• _Aim of the task_: Exactly the lines from the beginning of the material to the line with "Proof. by rewrite size_map" are to be repeated, both ends included.

-- Opening Marker --

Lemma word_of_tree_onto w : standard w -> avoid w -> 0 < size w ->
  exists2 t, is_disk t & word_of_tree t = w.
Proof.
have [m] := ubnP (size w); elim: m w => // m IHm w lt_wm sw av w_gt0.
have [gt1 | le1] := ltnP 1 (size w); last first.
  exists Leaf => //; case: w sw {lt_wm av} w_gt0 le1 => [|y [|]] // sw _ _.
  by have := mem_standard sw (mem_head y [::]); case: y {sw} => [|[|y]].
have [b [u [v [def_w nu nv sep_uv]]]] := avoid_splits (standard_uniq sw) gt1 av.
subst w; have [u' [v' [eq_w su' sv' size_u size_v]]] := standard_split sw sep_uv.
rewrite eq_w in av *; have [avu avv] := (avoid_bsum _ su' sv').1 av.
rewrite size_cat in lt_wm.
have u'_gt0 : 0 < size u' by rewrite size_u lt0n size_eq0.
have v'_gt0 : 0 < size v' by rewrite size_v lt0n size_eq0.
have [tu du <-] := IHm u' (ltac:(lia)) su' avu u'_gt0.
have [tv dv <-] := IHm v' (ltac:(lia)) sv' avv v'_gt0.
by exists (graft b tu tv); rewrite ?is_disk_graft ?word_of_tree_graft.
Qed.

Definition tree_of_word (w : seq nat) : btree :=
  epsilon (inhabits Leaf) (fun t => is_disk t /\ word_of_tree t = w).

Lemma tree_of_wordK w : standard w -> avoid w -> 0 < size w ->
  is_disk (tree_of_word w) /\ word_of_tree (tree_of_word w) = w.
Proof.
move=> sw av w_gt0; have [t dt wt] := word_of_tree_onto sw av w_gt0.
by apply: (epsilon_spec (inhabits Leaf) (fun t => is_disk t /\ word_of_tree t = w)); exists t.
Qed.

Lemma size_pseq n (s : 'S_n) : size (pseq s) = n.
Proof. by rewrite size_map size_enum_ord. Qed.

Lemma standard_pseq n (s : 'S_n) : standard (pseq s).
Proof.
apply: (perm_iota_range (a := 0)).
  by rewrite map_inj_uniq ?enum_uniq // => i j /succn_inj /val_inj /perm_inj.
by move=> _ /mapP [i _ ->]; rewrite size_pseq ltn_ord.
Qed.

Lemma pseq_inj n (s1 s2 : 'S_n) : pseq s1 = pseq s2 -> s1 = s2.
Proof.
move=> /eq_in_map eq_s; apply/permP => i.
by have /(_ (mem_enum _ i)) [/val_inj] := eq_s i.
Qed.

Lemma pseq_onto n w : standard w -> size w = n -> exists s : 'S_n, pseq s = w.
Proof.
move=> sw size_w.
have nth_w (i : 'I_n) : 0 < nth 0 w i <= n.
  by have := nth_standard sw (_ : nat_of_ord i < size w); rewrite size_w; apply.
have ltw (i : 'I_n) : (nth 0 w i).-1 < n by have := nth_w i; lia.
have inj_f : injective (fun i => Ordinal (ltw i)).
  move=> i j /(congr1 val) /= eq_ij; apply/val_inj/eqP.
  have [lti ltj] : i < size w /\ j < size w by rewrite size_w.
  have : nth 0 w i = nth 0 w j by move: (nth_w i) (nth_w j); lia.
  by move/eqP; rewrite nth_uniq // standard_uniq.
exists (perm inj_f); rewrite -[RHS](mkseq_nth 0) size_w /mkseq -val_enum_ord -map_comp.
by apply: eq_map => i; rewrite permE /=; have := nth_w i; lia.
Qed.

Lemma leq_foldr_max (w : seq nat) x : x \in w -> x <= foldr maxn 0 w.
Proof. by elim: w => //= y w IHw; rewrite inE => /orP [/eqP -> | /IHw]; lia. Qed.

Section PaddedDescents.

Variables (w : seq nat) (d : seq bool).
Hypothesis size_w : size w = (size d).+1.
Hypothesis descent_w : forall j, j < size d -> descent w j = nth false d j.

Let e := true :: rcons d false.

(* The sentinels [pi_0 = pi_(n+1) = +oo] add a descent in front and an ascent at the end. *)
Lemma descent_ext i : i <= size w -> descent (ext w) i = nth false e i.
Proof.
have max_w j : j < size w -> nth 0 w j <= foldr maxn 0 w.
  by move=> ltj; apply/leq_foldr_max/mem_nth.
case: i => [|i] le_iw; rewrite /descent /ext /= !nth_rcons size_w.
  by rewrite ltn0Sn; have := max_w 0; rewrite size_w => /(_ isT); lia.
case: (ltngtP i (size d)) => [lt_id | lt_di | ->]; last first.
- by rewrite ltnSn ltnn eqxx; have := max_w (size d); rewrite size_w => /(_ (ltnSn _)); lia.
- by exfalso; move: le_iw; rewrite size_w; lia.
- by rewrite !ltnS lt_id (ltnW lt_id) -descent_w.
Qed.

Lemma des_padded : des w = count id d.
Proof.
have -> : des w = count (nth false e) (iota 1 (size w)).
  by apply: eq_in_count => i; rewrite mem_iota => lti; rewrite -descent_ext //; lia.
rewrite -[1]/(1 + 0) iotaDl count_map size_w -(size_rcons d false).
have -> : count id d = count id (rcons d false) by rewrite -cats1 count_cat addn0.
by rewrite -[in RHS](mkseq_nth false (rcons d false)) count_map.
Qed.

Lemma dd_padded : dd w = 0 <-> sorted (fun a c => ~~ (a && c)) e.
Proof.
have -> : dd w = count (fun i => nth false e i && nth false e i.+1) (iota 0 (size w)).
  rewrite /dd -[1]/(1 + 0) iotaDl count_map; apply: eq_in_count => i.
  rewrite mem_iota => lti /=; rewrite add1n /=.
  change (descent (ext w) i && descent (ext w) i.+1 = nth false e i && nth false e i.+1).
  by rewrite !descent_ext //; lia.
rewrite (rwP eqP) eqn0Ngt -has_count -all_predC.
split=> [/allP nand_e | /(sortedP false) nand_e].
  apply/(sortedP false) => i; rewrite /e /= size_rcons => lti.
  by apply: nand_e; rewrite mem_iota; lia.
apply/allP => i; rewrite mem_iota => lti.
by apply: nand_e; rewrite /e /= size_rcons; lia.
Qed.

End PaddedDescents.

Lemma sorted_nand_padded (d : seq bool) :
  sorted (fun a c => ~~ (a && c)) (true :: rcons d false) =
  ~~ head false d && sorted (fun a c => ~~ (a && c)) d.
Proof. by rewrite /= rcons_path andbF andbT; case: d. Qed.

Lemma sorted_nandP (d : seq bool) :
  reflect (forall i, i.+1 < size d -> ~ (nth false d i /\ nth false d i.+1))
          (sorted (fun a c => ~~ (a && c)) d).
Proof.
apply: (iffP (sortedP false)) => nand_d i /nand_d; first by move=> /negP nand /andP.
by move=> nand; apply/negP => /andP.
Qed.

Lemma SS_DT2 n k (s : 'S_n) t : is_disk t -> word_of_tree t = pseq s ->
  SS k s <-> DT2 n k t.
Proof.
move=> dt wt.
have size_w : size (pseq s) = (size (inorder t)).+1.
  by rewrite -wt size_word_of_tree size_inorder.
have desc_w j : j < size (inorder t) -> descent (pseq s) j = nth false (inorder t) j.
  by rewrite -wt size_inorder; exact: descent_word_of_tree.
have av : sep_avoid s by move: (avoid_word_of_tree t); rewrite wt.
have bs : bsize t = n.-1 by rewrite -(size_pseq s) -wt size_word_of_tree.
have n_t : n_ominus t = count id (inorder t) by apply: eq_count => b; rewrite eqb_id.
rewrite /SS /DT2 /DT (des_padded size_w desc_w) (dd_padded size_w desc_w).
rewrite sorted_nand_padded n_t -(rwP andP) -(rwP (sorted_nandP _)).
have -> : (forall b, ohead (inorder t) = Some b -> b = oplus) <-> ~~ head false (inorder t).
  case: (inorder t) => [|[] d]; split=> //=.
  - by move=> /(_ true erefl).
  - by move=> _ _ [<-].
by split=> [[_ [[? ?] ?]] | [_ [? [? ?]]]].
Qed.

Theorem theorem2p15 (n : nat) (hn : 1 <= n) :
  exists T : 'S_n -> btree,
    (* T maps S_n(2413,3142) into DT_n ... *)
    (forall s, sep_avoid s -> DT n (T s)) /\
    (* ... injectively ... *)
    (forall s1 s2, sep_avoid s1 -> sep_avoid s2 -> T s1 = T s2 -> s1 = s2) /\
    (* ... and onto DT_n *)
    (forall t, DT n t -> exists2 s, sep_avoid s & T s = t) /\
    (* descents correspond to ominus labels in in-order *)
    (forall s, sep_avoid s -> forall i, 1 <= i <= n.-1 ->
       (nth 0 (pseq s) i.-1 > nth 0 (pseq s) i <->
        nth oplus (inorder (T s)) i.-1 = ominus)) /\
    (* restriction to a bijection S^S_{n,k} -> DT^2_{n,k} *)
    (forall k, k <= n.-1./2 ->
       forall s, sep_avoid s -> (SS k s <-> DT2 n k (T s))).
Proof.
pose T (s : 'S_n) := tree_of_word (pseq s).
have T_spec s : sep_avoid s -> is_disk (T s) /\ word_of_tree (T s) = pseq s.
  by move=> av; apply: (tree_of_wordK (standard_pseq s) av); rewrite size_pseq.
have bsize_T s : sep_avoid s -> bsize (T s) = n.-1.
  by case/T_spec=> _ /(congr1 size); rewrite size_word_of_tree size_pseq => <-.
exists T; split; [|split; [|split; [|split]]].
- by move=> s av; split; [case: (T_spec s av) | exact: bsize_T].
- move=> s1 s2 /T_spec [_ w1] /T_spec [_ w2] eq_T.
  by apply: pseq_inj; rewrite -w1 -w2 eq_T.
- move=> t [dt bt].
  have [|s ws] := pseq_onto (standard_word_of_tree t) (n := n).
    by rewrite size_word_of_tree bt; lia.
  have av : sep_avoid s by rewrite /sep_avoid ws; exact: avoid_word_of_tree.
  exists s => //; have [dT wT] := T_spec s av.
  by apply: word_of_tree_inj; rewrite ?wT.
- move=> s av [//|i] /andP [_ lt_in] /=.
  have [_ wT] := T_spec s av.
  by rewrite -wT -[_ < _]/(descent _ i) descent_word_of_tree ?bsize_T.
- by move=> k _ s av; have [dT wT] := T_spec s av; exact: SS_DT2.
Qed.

-- Closing Marker --

• _Solved exercise_:
Lemma word_of_tree_onto w : standard w -> avoid w -> 0 < size w ->
  exists2 t, is_disk t & word_of_tree t = w.
Proof.
have [m] := ubnP (size w); elim: m w => // m IHm w lt_wm sw av w_gt0.
have [gt1 | le1] := ltnP 1 (size w); last first.
  exists Leaf => //; case: w sw {lt_wm av} w_gt0 le1 => [|y [|]] // sw _ _.
  by have := mem_standard sw (mem_head y [::]); case: y {sw} => [|[|y]].
have [b [u [v [def_w nu nv sep_uv]]]] := avoid_splits (standard_uniq sw) gt1 av.
subst w; have [u' [v' [eq_w su' sv' size_u size_v]]] := standard_split sw sep_uv.
rewrite eq_w in av *; have [avu avv] := (avoid_bsum _ su' sv').1 av.
rewrite size_cat in lt_wm.
have u'_gt0 : 0 < size u' by rewrite size_u lt0n size_eq0.
have v'_gt0 : 0 < size v' by rewrite size_v lt0n size_eq0.
have [tu du <-] := IHm u' (ltac:(lia)) su' avu u'_gt0.
have [tv dv <-] := IHm v' (ltac:(lia)) sv' avv v'_gt0.
by exists (graft b tu tv); rewrite ?is_disk_graft ?word_of_tree_graft.
Qed.

Definition tree_of_word (w : seq nat) : btree :=
  epsilon (inhabits Leaf) (fun t => is_disk t /\ word_of_tree t = w).

Lemma tree_of_wordK w : standard w -> avoid w -> 0 < size w ->
  is_disk (tree_of_word w) /\ word_of_tree (tree_of_word w) = w.
Proof.
move=> sw av w_gt0; have [t dt wt] := word_of_tree_onto sw av w_gt0.
by apply: (epsilon_spec (inhabits Leaf) (fun t => is_disk t /\ word_of_tree t = w)); exists t.
Qed.

Lemma size_pseq n (s : 'S_n) : size (pseq s) = n.
Proof. by rewrite size_map size_enum_ord. Qed.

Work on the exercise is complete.